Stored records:
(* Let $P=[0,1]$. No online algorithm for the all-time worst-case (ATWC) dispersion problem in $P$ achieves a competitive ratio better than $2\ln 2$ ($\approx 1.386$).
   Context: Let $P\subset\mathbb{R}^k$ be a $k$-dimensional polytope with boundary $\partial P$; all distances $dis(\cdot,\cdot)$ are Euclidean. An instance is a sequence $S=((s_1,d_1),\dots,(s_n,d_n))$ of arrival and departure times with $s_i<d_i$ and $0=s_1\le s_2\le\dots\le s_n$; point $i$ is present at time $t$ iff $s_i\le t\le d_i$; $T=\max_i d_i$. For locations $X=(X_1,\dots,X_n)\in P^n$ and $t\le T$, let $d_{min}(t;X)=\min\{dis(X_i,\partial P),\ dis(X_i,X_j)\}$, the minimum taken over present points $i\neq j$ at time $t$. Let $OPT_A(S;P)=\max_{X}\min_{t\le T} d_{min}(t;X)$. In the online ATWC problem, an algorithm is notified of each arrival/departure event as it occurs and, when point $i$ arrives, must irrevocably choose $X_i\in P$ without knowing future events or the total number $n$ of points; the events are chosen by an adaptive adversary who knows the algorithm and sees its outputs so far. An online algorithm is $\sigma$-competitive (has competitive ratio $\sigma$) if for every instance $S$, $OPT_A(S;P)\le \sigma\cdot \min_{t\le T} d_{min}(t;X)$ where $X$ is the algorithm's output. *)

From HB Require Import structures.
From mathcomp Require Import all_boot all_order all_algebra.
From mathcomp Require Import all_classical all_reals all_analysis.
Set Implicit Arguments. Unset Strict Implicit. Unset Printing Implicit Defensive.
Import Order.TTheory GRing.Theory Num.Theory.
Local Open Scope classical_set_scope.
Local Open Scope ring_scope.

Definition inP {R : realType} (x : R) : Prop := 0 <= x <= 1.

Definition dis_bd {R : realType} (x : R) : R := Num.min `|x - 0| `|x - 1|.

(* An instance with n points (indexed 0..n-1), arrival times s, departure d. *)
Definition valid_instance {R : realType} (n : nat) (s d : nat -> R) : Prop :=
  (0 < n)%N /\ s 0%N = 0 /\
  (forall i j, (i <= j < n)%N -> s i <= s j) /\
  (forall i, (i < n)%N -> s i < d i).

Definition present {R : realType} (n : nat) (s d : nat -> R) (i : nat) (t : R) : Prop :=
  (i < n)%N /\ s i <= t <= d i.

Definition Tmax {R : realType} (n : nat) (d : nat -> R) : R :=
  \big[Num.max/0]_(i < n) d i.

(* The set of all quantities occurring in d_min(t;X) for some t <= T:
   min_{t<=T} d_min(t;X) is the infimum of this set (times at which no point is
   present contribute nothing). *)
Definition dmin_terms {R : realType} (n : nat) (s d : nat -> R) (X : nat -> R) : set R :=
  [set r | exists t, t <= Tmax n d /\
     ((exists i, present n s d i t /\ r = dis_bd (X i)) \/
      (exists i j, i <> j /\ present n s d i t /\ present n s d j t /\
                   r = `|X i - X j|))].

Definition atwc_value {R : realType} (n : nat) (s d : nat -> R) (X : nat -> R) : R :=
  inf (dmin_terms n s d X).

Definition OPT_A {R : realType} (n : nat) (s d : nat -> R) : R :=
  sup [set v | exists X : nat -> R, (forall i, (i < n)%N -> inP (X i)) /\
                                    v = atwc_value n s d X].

==

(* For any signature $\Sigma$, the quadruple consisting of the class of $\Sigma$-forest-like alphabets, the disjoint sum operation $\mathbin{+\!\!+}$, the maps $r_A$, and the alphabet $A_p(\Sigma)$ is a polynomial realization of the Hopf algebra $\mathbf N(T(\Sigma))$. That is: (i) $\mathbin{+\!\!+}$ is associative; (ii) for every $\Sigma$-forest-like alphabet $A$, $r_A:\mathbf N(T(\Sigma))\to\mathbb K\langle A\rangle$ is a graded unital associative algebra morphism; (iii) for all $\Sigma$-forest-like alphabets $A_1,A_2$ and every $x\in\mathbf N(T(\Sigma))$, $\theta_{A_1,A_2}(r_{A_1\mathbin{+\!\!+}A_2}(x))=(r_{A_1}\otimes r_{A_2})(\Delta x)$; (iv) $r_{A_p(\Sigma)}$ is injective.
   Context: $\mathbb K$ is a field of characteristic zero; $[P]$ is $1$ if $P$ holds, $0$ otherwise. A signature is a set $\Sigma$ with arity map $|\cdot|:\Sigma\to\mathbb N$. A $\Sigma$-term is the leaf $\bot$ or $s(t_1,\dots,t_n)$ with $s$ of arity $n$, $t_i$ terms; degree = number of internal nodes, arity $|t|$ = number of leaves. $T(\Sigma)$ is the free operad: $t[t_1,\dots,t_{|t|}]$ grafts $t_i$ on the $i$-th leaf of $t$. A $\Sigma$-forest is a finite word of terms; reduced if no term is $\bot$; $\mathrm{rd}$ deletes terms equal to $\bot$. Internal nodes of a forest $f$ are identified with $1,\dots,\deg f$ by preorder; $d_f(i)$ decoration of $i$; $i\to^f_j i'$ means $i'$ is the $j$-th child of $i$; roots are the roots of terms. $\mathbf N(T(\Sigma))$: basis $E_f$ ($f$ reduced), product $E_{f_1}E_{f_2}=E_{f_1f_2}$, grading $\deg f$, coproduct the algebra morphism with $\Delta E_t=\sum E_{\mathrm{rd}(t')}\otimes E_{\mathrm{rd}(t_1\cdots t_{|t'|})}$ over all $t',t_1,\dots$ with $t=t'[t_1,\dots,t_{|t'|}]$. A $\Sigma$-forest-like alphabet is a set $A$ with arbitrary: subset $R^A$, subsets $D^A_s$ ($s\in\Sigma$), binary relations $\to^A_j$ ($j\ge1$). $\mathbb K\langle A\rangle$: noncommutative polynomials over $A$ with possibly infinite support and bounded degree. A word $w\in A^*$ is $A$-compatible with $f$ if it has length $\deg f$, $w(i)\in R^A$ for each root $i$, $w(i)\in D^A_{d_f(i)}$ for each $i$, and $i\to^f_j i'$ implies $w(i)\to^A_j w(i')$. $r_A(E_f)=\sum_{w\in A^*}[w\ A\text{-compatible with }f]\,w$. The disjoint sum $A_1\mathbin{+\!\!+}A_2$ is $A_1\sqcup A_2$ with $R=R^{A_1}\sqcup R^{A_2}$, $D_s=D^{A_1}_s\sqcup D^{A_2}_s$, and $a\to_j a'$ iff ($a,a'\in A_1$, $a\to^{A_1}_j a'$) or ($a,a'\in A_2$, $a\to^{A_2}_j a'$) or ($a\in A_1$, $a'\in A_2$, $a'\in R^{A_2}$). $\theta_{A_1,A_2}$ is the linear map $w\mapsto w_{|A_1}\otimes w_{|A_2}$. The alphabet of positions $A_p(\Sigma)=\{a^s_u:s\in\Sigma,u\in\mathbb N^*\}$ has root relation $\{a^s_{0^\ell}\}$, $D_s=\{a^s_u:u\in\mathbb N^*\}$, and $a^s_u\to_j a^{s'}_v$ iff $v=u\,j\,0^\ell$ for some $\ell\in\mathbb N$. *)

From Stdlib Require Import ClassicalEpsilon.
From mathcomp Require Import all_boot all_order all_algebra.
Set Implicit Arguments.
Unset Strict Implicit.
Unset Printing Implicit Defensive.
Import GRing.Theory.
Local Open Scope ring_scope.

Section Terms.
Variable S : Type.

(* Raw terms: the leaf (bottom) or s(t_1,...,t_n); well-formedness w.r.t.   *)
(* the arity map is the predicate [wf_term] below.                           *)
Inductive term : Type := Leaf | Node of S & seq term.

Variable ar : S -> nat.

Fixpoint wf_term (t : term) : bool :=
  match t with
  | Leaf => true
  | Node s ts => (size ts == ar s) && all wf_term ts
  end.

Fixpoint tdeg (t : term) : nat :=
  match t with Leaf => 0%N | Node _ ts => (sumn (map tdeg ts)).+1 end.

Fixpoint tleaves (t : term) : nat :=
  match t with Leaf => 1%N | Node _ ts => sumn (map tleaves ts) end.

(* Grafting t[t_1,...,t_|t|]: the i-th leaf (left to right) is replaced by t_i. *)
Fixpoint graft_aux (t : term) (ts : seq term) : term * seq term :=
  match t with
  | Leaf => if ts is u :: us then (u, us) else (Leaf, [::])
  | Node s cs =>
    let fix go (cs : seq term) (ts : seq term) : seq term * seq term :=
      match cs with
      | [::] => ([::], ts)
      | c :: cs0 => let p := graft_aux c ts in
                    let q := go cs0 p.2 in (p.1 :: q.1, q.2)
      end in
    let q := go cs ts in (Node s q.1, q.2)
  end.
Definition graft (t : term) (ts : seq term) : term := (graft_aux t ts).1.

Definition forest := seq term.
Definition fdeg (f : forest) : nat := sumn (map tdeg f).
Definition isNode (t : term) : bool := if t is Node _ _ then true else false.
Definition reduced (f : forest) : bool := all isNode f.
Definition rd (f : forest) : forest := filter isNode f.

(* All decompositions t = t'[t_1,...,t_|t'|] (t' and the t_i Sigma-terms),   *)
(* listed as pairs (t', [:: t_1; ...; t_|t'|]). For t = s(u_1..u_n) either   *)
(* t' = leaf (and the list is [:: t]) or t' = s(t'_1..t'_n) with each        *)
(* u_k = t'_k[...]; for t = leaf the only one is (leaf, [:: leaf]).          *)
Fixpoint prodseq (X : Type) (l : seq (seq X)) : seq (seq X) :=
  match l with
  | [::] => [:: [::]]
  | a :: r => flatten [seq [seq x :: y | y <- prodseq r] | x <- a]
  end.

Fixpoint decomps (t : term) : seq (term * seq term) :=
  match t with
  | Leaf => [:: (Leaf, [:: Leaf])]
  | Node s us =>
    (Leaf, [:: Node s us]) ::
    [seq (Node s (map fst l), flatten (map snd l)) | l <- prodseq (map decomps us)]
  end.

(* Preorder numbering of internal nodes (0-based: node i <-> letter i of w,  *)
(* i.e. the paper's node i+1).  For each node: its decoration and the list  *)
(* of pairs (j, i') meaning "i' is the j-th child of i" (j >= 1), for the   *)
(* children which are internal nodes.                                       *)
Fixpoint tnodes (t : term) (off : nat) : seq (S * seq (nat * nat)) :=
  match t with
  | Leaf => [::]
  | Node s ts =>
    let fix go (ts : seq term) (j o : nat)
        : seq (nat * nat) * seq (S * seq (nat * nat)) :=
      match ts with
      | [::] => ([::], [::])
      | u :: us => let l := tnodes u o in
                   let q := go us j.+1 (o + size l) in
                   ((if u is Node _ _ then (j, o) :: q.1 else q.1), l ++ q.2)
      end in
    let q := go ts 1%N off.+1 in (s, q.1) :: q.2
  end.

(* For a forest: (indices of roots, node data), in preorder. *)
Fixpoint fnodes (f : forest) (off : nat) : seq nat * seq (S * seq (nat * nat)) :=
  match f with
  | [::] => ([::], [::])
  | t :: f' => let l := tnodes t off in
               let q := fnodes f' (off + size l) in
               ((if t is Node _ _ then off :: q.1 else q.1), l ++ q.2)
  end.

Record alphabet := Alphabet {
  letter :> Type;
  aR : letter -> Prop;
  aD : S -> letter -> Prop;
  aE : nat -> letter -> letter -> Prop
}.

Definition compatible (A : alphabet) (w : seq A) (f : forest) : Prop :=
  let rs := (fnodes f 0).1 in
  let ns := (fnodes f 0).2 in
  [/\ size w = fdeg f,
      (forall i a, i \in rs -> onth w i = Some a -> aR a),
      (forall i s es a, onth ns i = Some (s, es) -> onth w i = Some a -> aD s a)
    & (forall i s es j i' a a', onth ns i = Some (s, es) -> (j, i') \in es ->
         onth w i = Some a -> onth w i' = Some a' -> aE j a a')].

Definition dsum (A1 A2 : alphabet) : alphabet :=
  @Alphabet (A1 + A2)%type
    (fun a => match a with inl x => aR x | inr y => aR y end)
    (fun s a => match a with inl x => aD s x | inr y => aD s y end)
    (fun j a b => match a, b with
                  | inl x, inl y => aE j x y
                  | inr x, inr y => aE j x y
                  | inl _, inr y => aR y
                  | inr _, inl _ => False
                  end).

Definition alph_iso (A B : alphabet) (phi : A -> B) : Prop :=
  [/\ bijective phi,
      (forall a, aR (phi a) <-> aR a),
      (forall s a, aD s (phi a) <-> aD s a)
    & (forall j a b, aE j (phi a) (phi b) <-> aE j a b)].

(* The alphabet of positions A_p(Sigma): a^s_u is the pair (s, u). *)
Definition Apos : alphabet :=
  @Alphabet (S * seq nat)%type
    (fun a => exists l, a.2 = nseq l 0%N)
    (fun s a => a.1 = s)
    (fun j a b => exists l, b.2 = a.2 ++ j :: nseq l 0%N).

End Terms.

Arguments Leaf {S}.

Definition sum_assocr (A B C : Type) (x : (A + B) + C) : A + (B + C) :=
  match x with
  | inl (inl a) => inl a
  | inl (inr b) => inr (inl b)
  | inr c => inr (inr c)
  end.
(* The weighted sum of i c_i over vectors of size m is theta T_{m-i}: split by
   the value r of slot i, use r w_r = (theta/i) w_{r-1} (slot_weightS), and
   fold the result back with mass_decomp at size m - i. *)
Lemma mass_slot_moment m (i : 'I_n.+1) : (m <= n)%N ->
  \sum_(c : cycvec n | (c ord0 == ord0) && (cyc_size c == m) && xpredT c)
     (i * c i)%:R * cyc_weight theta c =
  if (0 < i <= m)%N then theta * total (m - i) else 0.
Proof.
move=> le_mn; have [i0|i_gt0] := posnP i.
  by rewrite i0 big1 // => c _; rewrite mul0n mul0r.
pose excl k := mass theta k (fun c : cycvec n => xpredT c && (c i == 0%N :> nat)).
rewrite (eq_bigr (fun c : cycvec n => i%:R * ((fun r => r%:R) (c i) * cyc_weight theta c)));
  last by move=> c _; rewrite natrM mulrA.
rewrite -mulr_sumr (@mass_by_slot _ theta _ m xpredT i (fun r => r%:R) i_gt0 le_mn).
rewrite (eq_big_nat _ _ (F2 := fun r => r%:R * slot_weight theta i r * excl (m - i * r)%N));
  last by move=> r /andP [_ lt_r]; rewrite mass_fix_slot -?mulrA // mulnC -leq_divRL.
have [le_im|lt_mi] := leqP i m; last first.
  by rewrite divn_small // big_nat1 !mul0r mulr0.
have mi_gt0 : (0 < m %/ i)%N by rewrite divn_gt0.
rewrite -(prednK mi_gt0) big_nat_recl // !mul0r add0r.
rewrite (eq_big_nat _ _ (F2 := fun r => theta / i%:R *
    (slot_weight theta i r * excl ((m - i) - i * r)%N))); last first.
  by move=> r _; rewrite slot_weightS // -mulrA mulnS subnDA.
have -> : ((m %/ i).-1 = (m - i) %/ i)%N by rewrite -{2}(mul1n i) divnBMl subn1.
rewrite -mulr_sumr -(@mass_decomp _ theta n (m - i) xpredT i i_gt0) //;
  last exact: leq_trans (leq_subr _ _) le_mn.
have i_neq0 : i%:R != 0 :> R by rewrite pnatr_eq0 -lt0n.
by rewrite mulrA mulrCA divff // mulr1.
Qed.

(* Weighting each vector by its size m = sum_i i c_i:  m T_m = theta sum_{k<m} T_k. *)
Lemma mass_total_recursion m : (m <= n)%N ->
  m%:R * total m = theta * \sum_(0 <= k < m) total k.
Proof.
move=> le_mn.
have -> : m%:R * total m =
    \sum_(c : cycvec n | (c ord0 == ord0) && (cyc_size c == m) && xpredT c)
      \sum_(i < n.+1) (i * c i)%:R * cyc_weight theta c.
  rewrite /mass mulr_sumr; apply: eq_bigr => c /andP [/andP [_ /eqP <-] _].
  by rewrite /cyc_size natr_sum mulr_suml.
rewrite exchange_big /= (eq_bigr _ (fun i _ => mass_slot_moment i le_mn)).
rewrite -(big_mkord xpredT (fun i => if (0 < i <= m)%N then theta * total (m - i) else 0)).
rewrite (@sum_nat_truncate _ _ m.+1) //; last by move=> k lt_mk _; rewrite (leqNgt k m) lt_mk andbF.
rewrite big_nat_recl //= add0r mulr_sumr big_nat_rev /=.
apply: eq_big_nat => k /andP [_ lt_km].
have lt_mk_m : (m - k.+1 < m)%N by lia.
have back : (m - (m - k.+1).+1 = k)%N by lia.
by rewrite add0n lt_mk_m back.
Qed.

==

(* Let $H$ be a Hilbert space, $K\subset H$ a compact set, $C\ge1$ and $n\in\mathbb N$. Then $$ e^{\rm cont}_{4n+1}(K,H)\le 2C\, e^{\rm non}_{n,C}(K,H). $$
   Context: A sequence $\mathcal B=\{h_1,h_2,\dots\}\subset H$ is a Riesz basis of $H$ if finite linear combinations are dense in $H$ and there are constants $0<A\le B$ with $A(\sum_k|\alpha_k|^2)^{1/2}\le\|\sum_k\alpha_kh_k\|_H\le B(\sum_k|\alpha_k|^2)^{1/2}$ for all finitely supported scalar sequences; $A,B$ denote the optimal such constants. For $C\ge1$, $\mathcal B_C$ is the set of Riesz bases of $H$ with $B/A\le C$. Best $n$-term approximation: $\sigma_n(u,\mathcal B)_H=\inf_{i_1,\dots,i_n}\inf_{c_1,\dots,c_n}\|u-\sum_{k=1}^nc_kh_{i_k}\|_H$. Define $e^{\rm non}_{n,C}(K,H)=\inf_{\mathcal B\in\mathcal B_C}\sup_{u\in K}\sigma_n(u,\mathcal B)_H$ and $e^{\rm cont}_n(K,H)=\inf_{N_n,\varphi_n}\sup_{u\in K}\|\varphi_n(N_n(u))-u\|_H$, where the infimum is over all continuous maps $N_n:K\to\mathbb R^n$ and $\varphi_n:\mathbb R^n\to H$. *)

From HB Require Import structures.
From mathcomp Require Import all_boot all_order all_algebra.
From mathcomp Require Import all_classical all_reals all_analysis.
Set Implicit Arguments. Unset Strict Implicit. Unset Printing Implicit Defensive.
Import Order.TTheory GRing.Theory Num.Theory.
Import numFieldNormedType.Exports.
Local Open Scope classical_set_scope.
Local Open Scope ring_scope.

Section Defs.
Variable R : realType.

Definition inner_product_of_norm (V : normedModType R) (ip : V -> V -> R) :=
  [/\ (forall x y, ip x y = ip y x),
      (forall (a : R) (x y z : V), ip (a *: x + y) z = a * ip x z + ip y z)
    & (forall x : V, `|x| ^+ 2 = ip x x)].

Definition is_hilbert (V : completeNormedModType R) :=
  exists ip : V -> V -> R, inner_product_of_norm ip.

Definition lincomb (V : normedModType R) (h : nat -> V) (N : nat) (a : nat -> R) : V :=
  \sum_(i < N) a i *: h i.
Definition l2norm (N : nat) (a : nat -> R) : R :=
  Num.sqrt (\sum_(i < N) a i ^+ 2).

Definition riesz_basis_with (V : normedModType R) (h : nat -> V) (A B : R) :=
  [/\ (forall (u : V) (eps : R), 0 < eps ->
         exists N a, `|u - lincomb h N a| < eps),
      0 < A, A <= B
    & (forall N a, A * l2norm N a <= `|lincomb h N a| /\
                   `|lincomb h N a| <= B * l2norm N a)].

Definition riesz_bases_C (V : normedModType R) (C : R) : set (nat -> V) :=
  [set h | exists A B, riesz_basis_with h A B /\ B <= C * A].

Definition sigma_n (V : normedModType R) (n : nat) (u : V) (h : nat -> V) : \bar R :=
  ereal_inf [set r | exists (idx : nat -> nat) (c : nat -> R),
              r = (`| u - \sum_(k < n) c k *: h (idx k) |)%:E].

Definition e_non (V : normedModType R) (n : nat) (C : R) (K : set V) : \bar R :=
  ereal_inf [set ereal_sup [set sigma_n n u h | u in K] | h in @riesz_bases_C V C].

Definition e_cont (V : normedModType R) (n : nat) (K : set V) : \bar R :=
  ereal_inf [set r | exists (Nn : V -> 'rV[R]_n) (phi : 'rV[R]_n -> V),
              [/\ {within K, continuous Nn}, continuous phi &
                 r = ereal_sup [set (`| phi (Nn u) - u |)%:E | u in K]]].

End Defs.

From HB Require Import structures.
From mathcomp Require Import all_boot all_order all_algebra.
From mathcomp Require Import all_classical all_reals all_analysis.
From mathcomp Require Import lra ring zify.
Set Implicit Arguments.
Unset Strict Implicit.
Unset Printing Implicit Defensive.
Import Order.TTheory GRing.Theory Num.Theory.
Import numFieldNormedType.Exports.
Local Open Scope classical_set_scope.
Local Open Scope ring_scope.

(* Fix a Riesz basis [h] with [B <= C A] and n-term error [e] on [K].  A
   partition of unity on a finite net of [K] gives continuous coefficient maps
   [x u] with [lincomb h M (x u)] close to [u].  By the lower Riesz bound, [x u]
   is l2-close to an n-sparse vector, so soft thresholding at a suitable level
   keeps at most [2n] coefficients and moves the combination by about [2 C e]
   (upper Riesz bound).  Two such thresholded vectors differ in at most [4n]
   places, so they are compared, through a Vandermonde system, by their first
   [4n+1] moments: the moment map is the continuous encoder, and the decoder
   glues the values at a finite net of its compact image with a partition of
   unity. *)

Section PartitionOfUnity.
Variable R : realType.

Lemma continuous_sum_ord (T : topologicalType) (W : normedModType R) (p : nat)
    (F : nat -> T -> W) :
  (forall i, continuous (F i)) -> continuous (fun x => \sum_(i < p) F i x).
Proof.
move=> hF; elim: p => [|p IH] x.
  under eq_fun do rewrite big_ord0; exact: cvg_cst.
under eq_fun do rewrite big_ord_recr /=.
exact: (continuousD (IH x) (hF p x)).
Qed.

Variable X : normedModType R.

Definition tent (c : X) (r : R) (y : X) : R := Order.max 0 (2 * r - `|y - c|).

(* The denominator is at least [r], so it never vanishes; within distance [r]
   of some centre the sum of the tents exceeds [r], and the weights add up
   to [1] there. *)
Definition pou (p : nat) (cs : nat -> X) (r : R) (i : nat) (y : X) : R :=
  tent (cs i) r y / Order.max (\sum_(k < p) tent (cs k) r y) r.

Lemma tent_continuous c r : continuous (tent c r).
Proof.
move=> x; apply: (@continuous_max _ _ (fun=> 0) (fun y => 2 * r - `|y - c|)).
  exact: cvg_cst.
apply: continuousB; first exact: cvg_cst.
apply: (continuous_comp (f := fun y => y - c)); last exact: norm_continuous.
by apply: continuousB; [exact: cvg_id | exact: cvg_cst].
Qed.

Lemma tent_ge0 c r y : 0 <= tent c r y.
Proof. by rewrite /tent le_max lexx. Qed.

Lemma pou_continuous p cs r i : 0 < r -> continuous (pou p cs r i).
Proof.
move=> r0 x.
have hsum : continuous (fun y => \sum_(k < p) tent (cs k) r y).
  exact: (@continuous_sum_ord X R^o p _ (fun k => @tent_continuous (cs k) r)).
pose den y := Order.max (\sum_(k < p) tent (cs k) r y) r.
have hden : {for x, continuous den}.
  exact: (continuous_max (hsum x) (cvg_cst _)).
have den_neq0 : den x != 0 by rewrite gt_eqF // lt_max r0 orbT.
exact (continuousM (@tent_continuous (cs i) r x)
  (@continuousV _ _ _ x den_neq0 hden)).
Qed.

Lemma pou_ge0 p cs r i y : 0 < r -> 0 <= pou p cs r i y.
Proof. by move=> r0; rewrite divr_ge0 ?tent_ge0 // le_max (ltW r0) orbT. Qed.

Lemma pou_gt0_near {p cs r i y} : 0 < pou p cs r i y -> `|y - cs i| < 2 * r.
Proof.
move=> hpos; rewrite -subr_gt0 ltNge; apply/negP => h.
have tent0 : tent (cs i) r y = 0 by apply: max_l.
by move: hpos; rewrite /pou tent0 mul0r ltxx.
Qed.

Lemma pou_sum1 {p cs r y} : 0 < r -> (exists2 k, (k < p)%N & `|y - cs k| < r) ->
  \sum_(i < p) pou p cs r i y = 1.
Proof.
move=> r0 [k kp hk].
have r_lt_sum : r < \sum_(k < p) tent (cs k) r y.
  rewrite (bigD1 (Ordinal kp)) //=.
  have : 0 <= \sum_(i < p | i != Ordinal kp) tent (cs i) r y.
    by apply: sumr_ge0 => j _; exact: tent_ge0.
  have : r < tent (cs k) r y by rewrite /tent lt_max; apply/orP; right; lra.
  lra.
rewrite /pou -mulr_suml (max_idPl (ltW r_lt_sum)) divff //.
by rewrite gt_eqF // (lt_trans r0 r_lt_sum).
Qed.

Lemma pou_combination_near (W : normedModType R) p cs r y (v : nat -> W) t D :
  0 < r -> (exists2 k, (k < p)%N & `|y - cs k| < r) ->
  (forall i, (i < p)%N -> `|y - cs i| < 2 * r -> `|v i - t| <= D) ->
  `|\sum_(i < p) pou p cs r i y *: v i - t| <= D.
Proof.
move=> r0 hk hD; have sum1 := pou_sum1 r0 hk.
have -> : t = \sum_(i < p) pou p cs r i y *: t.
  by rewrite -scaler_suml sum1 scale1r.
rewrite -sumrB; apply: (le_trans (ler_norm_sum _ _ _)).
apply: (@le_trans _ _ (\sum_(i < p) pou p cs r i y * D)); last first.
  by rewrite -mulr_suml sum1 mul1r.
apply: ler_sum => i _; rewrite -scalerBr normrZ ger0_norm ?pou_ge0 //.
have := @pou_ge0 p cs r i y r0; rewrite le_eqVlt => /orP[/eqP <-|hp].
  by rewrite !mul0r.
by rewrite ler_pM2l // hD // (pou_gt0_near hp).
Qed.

> **Task directions**:
Reproduce verbatim the lines above, from the line with "Definition pou (p" through the line with "move=> r0 x.".

> **Answer to this problem**:
Definition pou (p : nat) (cs : nat -> X) (r : R) (i : nat) (y : X) : R :=
  tent (cs i) r y / Order.max (\sum_(k < p) tent (cs k) r y) r.

Lemma tent_continuous c r : continuous (tent c r).
Proof.
move=> x; apply: (@continuous_max _ _ (fun=> 0) (fun y => 2 * r - `|y - c|)).
  exact: cvg_cst.
apply: continuousB; first exact: cvg_cst.
apply: (continuous_comp (f := fun y => y - c)); last exact: norm_continuous.
by apply: continuousB; [exact: cvg_id | exact: cvg_cst].
Qed.

Lemma tent_ge0 c r y : 0 <= tent c r y.
Proof. by rewrite /tent le_max lexx. Qed.

Lemma pou_continuous p cs r i : 0 < r -> continuous (pou p cs r i).
Proof.
move=> r0 x.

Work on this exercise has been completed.